Exercise -> Here is the task for the records below: repeat exactly the lines from the one with "Lemma row_replace_factor (B" to the one with "rewrite -root_factor_theorem; apply/rootP.", both included, and nothing else.

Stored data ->
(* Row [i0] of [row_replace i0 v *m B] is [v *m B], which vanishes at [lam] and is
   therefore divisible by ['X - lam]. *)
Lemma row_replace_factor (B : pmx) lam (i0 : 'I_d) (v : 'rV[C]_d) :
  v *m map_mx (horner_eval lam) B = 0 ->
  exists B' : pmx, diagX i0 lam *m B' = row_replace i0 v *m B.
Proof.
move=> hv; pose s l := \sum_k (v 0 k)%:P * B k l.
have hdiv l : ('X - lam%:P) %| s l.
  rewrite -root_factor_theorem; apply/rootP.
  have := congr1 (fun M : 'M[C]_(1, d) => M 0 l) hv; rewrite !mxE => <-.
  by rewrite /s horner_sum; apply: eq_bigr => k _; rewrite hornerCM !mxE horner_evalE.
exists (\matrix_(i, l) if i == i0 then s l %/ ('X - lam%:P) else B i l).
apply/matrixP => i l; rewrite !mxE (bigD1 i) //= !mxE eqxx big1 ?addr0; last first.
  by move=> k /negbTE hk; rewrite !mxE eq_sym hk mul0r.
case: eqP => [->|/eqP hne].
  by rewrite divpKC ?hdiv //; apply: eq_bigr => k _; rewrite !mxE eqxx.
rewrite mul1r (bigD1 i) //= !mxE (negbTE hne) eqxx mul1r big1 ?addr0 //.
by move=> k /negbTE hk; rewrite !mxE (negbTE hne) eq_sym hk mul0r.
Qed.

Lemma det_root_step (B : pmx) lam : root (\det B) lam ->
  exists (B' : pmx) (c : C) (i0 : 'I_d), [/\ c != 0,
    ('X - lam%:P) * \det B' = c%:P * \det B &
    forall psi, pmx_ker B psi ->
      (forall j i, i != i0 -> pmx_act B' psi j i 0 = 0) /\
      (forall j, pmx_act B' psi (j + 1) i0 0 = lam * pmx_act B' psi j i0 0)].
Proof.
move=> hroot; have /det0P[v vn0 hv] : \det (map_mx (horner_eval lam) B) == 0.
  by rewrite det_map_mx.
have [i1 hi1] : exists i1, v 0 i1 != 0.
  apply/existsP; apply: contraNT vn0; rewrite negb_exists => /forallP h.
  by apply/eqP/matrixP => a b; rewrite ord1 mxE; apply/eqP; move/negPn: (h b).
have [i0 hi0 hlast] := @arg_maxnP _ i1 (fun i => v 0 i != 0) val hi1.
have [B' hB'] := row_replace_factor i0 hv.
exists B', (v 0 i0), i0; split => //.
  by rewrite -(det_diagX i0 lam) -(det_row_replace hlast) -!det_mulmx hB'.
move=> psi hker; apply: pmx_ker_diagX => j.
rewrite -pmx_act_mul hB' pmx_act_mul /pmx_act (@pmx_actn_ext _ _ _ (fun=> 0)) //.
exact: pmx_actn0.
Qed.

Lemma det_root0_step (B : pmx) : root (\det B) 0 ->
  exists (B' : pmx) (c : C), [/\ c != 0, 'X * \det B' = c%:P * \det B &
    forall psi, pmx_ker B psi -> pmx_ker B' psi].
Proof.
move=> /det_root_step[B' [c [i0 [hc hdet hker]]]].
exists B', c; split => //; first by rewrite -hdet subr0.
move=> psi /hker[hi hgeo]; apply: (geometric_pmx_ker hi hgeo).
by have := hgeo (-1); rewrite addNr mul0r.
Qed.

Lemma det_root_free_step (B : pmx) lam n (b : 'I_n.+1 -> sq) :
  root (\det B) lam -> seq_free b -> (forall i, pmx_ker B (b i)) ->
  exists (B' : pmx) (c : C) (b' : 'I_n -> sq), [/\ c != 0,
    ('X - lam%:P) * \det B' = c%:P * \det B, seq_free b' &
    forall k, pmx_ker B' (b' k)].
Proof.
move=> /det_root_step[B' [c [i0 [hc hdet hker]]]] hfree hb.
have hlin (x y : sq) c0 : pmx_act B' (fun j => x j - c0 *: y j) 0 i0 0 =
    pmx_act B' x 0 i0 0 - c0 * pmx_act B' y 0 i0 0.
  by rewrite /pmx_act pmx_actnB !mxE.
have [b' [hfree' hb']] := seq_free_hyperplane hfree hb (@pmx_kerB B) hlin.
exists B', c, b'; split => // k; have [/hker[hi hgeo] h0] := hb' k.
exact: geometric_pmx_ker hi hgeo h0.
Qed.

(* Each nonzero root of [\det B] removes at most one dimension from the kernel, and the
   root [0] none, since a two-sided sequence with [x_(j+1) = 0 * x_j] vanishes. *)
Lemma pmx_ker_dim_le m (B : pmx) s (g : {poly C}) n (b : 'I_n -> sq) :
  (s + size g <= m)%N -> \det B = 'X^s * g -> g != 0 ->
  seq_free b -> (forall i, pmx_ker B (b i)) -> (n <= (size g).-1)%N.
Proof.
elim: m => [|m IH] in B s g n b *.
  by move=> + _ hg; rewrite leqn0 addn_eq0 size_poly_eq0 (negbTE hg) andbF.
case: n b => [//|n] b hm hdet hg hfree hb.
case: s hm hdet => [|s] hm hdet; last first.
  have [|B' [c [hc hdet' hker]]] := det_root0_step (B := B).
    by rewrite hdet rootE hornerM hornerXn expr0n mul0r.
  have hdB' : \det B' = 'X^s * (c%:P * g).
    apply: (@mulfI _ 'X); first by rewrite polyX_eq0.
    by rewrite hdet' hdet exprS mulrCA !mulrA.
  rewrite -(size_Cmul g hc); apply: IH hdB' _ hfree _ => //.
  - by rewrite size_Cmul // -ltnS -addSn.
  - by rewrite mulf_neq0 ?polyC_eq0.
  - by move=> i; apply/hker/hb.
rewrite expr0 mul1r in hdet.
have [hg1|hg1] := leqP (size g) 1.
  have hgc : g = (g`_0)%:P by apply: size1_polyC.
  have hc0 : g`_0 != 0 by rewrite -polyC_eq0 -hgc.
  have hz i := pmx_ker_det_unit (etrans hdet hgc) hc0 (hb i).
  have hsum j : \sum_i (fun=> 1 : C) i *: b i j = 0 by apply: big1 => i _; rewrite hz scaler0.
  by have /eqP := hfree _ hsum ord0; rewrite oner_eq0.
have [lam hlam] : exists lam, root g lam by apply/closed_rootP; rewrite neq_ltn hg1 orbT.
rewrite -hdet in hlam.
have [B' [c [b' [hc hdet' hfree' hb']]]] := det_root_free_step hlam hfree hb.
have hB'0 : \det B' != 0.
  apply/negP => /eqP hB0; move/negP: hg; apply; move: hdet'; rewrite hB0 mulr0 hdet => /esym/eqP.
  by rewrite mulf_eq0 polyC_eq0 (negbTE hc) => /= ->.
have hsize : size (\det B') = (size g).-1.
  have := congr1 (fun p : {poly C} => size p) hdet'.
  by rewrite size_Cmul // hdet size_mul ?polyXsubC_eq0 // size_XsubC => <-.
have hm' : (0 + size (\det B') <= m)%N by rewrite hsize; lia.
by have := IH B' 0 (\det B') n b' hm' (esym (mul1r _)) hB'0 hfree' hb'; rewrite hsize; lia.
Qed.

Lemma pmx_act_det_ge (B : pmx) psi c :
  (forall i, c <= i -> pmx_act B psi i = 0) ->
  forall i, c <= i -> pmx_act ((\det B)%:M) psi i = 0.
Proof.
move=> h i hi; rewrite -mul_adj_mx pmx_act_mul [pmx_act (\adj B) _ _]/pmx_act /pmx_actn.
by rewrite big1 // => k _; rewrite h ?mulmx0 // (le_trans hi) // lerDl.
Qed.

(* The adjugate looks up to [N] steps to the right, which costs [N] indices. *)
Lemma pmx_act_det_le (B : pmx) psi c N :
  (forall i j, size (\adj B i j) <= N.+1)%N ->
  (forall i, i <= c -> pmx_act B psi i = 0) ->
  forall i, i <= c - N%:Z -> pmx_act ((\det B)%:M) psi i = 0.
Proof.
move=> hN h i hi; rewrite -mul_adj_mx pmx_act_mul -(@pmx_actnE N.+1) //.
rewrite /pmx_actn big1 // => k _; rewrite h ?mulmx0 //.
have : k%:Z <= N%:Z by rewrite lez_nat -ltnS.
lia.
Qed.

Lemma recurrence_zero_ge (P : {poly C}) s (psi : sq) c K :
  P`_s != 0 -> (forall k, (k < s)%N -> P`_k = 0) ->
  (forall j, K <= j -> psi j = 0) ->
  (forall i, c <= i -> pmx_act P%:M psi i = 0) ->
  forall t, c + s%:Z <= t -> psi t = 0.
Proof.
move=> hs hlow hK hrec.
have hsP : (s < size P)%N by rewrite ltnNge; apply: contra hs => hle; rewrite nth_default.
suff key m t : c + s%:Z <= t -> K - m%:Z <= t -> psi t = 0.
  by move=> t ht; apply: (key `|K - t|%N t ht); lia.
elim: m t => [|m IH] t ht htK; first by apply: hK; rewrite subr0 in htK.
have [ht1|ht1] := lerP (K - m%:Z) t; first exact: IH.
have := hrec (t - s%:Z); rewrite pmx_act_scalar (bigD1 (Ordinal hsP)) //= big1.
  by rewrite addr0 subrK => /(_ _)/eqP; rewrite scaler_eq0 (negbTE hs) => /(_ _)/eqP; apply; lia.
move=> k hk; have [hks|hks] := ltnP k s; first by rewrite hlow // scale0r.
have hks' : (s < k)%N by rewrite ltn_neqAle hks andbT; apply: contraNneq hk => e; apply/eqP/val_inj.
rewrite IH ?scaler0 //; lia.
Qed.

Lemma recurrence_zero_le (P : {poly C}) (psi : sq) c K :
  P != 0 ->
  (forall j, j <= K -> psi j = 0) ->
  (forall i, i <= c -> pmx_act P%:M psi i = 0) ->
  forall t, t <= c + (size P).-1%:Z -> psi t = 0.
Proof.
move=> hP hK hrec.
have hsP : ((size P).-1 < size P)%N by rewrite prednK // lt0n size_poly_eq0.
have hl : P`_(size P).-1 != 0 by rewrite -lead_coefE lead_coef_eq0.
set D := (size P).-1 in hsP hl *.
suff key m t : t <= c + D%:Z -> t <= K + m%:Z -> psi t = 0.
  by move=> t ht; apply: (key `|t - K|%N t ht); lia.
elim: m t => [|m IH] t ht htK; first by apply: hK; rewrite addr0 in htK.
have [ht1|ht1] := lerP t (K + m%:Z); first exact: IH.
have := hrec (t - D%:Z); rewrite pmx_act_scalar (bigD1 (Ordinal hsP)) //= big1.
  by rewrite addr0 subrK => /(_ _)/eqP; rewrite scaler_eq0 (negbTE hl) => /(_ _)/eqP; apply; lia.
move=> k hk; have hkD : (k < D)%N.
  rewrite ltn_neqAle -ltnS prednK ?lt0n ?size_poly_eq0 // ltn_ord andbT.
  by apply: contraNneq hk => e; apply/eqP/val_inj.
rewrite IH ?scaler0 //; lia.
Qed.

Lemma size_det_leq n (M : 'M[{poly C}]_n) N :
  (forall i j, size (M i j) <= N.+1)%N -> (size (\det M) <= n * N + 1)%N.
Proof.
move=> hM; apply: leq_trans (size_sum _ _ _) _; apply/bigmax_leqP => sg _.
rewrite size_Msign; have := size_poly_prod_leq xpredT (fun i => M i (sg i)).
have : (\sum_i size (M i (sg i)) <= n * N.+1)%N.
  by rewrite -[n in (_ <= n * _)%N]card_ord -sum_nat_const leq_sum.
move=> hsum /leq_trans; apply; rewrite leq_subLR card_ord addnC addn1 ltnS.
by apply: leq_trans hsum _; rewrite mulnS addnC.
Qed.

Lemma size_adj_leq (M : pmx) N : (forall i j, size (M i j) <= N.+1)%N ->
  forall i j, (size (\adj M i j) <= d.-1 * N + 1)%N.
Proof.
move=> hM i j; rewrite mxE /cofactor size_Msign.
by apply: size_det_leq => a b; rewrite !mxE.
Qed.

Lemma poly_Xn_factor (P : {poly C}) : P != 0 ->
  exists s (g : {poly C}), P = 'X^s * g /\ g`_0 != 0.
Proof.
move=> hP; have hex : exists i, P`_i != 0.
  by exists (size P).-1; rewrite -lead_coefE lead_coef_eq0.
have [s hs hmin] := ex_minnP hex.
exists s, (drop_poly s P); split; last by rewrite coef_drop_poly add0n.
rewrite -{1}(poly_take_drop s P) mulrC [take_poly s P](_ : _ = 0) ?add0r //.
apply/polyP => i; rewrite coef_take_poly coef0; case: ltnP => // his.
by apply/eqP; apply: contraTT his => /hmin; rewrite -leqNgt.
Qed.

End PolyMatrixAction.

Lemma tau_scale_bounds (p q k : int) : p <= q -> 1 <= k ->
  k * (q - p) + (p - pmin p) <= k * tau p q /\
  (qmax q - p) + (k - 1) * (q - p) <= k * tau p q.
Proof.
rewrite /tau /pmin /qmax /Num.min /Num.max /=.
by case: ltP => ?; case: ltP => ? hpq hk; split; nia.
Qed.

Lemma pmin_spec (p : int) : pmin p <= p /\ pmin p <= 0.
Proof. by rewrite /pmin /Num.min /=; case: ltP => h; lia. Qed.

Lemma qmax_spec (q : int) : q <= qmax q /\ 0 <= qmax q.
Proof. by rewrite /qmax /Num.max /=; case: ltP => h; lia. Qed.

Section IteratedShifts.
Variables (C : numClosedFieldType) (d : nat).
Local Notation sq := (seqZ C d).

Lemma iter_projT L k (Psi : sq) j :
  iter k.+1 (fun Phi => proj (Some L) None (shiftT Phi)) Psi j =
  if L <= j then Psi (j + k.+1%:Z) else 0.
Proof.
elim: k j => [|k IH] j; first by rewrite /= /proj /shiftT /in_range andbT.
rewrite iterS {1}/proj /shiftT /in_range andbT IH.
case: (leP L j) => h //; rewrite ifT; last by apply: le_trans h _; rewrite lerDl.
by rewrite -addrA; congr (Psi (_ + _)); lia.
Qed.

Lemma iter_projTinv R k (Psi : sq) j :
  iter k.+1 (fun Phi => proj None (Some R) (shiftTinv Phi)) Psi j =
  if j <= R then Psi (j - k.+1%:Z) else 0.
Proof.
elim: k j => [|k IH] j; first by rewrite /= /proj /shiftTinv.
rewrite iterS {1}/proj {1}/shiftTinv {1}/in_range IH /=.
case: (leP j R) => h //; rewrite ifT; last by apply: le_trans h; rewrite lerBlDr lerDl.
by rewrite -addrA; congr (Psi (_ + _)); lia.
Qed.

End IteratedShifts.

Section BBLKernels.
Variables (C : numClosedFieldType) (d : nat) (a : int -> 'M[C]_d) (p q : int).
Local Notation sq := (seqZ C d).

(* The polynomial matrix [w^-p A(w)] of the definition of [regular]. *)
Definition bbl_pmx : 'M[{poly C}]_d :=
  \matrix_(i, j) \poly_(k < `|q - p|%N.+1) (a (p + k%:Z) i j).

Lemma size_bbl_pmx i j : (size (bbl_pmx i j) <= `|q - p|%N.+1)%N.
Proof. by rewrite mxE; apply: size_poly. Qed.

Solution for this exercise ->
Lemma row_replace_factor (B : pmx) lam (i0 : 'I_d) (v : 'rV[C]_d) :
  v *m map_mx (horner_eval lam) B = 0 ->
  exists B' : pmx, diagX i0 lam *m B' = row_replace i0 v *m B.
Proof.
move=> hv; pose s l := \sum_k (v 0 k)%:P * B k l.
have hdiv l : ('X - lam%:P) %| s l.
  rewrite -root_factor_theorem; apply/rootP.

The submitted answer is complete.